Сразу в лицо ударил холод. Я даже вздрогнул от такого контраста — на улице почти лето, а в помещении — чуть не минус.
Издалека слышались гармошка или баян и пение нескольких женщин. Мы миновали какие-то коридоры, стены которых были украшены стендами с портретами ветеранов, детскими рисунками, и наконец оказались в концертном зале.
Десять-двенадцать закутанных в платки, полных, мясистых матрешек пели не на сцене, а рядом. Баянист сидел на стуле и бойко аккомпанировал.
Увидели нас, остановились.
— Вот наша гордость, — представил их глава села, — хор “Рыбачки”. Не все, но основной костяк… А это, — указал на меня, — журналист из Москвы… м-м…
Поняв, что он забыл, как меня зовут, я скорее представился сам.
— Молоденький, — сказала одна из рыбачек; остальные добродушно засмеялись.
— Так, товарищи, — наоборот построжел глава, — спойте для нашего гостя лучшую песню. Про Коктюбей.
Женщины послушно выстроились в полукруглую шеренгу; баянист установил удобнее на ляжках свой инструмент, напрягся, готовясь заиграть.
“Как в соцреализме каком-то”, — мелькнула мысль, и я усмехнулся, правда про себя. Внешне был приветлив и доброжелателен.

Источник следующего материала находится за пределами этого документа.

(* By symmetry, only three kinds of terms remain. *)
Lemma ordered4_symmetric : ordered4 =
  m * apart_triples (fun _ _ _ => 1) - 3 * apart_triples (fun A _ _ => nmeet A)
  + 3 * apart_triples (fun A B _ => cmeet A B).
Proof.
rewrite ordered4_triples.
have Fsplit A B C : m - nmeet A - nmeet B - nmeet C + cmeet A B + cmeet A C
    + cmeet B C = m * 1 + (-1) * nmeet A + (-1) * nmeet B + (-1) * nmeet C
    + 1 * cmeet A B + 1 * cmeet A C + 1 * cmeet B C by ring.
rewrite (apart_triples_ext Fsplit).
rewrite !apart_triplesD !apart_triplesZ.
rewrite [apart_triples (fun A B C => nmeet B)]apart_triples_swap12.
rewrite [apart_triples (fun A B C => nmeet C)]apart_triples_swap23.
rewrite [apart_triples (fun A B C => nmeet B)]apart_triples_swap12.
rewrite [apart_triples (fun A B C => cmeet A C)]apart_triples_swap23.
rewrite [apart_triples (fun A B C => cmeet B C)]apart_triples_swap12.
rewrite [apart_triples (fun A B C => cmeet A C)]apart_triples_swap23.
ring.
Qed.

Lemma apart_triples_pairs G :
  apart_triples (fun A B _ => G A B)
  = apart_pairs (fun A B => G A B * (m - nmeet A - nmeet B + cmeet A B)).
Proof.
apply: eq_bigr => A _; apply: eq_bigr => B _.
rewrite (eq_bigr (fun C => apart A B * G A B * (apart A C * apart B C)));
  last by move=> C _; ring.
by rewrite -mulr_sumr sum_apart2; ring.
Qed.

Lemma apart_pairs_ext G H :
  (forall A B, A \in E -> B \in E -> [disjoint A & B] -> G A B = H A B) ->
  apart_pairs G = apart_pairs H.
Proof.
move=> GH; apply: eq_bigr => A AE; apply: eq_bigr => B BE.
by case: (boolP [disjoint A & B]) => [dAB|/apart0 ->]; rewrite ?mul0r ?GH.
Qed.

Lemma apart_pairsD G H :
  apart_pairs (fun A B => G A B + H A B) = apart_pairs G + apart_pairs H.
Proof.
rewrite /apart_pairs -big_split; apply: eq_bigr => A _.
by rewrite -big_split; apply: eq_bigr => B _ /=; ring.
Qed.

Lemma apart_pairsZ k G :
  apart_pairs (fun A B => k * G A B) = k * apart_pairs G.
Proof.
rewrite /apart_pairs mulr_sumr; apply: eq_bigr => A _.
by rewrite mulr_sumr; apply: eq_bigr => B _; ring.
Qed.

Lemma apart_pairs_swap G : apart_pairs G = apart_pairs (fun A B => G B A).
Proof.
rewrite /apart_pairs exchange_big; apply: eq_bigr => A _.
by apply: eq_bigr => B _; rewrite apartC.
Qed.

Lemma apart_pairsE G :
  apart_pairs G = \sum_(A in E) \sum_(B in E) G A B - meet_sum G.
Proof.
rewrite /meet_sum -sumrB; apply: eq_bigr => A _.
by rewrite -sumrB; apply: eq_bigr => B _; rewrite apartE; ring.
Qed.

Lemma apart_pairs_one : apart_pairs (fun _ _ => 1) = m * m - nmoment 1.
Proof.
rewrite apart_pairsE; congr (_ - _).
  transitivity (\sum_(A in E) m); last exact: sum_const_edges.
  by apply: eq_bigr => A _; rewrite sum_const_edges mulr1.
apply: eq_bigr => A _; rewrite expr1.
by apply: eq_bigr => B _; rewrite mulr1.
Qed.

Lemma apart_pairs_nmeet :
  apart_pairs (fun A _ => nmeet A) = m * nmoment 1 - nmoment 2.
Proof.
rewrite apart_pairsE /nmoment mulr_sumr; congr (_ - _).
  by apply: eq_bigr => A _; rewrite sum_const_edges expr1.
by apply: eq_bigr => A _; rewrite -mulr_suml expr2.
Qed.

Lemma apart_pairs_nmeet2 :
  apart_pairs (fun A _ => nmeet A ^+ 2) = m * nmoment 2 - nmoment 3.
Proof.
rewrite apart_pairsE /nmoment mulr_sumr; congr (_ - _).
  by apply: eq_bigr => A _; rewrite sum_const_edges.
by apply: eq_bigr => A _; rewrite -mulr_suml -exprS.
Qed.

Lemma apart_pairs_nmeet_nmeet : apart_pairs (fun A B => nmeet A * nmeet B)
  = nmoment 1 ^+ 2 - meet_sum (fun A B => nmeet A * nmeet B).
Proof.
by rewrite apart_pairsE /nmoment expr2 big_distrlr.
Qed.

(* Counting the edges meeting both members of a pair through the meeting
   edge first. *)
Lemma apart_pairs_cmeet : apart_pairs (fun A B => cmeet A B)
  = nmoment 2 - meet_sum (fun A B => cmeet A B).
Proof.
rewrite apart_pairsE; congr (_ - _).
rewrite /cmeet (eq_bigr (fun A => \sum_(C in E) \sum_(B in E) meets C A * meets C B));
  last by move=> A _; apply: exchange_big.
rewrite exchange_big; apply: eq_bigr => C _.
by rewrite expr2 /nmeet big_distrlr.
Qed.

Lemma apart_pairs_cmeet_nmeet : apart_pairs (fun A B => cmeet A B * nmeet A)
  = meet_sum (fun A B => nmeet A * nmeet B)
    - meet_sum (fun A B => cmeet A B * nmeet A).
Proof.
rewrite apart_pairsE; congr (_ - _).
rewrite /cmeet (eq_bigr (fun A => \sum_(C in E) \sum_(B in E)
                                     meets C A * meets C B * nmeet A));
  last by move=> A _; rewrite exchange_big; apply: eq_bigr => B _; rewrite mulr_suml.
rewrite exchange_big; apply: eq_bigr => C _; apply: eq_bigr => A _.
rewrite (eq_bigr (fun B => meets C A * nmeet A * meets C B)); last by move=> B _; ring.
by rewrite -mulr_sumr /nmeet; ring.
Qed.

Баянист заиграл лирическую мелодию, рыбачки запели… Сперва я не мог понять ни слова, но постепенно тарабарщина стала превращаться в членораздельные фразы:
…Традиции, обычаи
Твоих былых времен,
И купол храма светлый,
Что к небу устремлен.
По-своему приветливо
Рыбацкое село.
Рыбак мотор заводит,
Едва лишь рассвело.
Я осторожно достал из кармана диктофон, включил на запись. “Пригодится”.
…И Господу помолимся,
Чтоб мир был, благо ей.
Святые Павел, Петр,
Храните Коктюбей!
Святые Павел, Петр,
Храните-е-е…
Кок-тю-у-бе-ей!..
Мы с главой села похлопали.
— Ой, чтой-то озябла я, девочки! — по-актерски воскликнула одна из певиц. — Давайте полечкой согреемся!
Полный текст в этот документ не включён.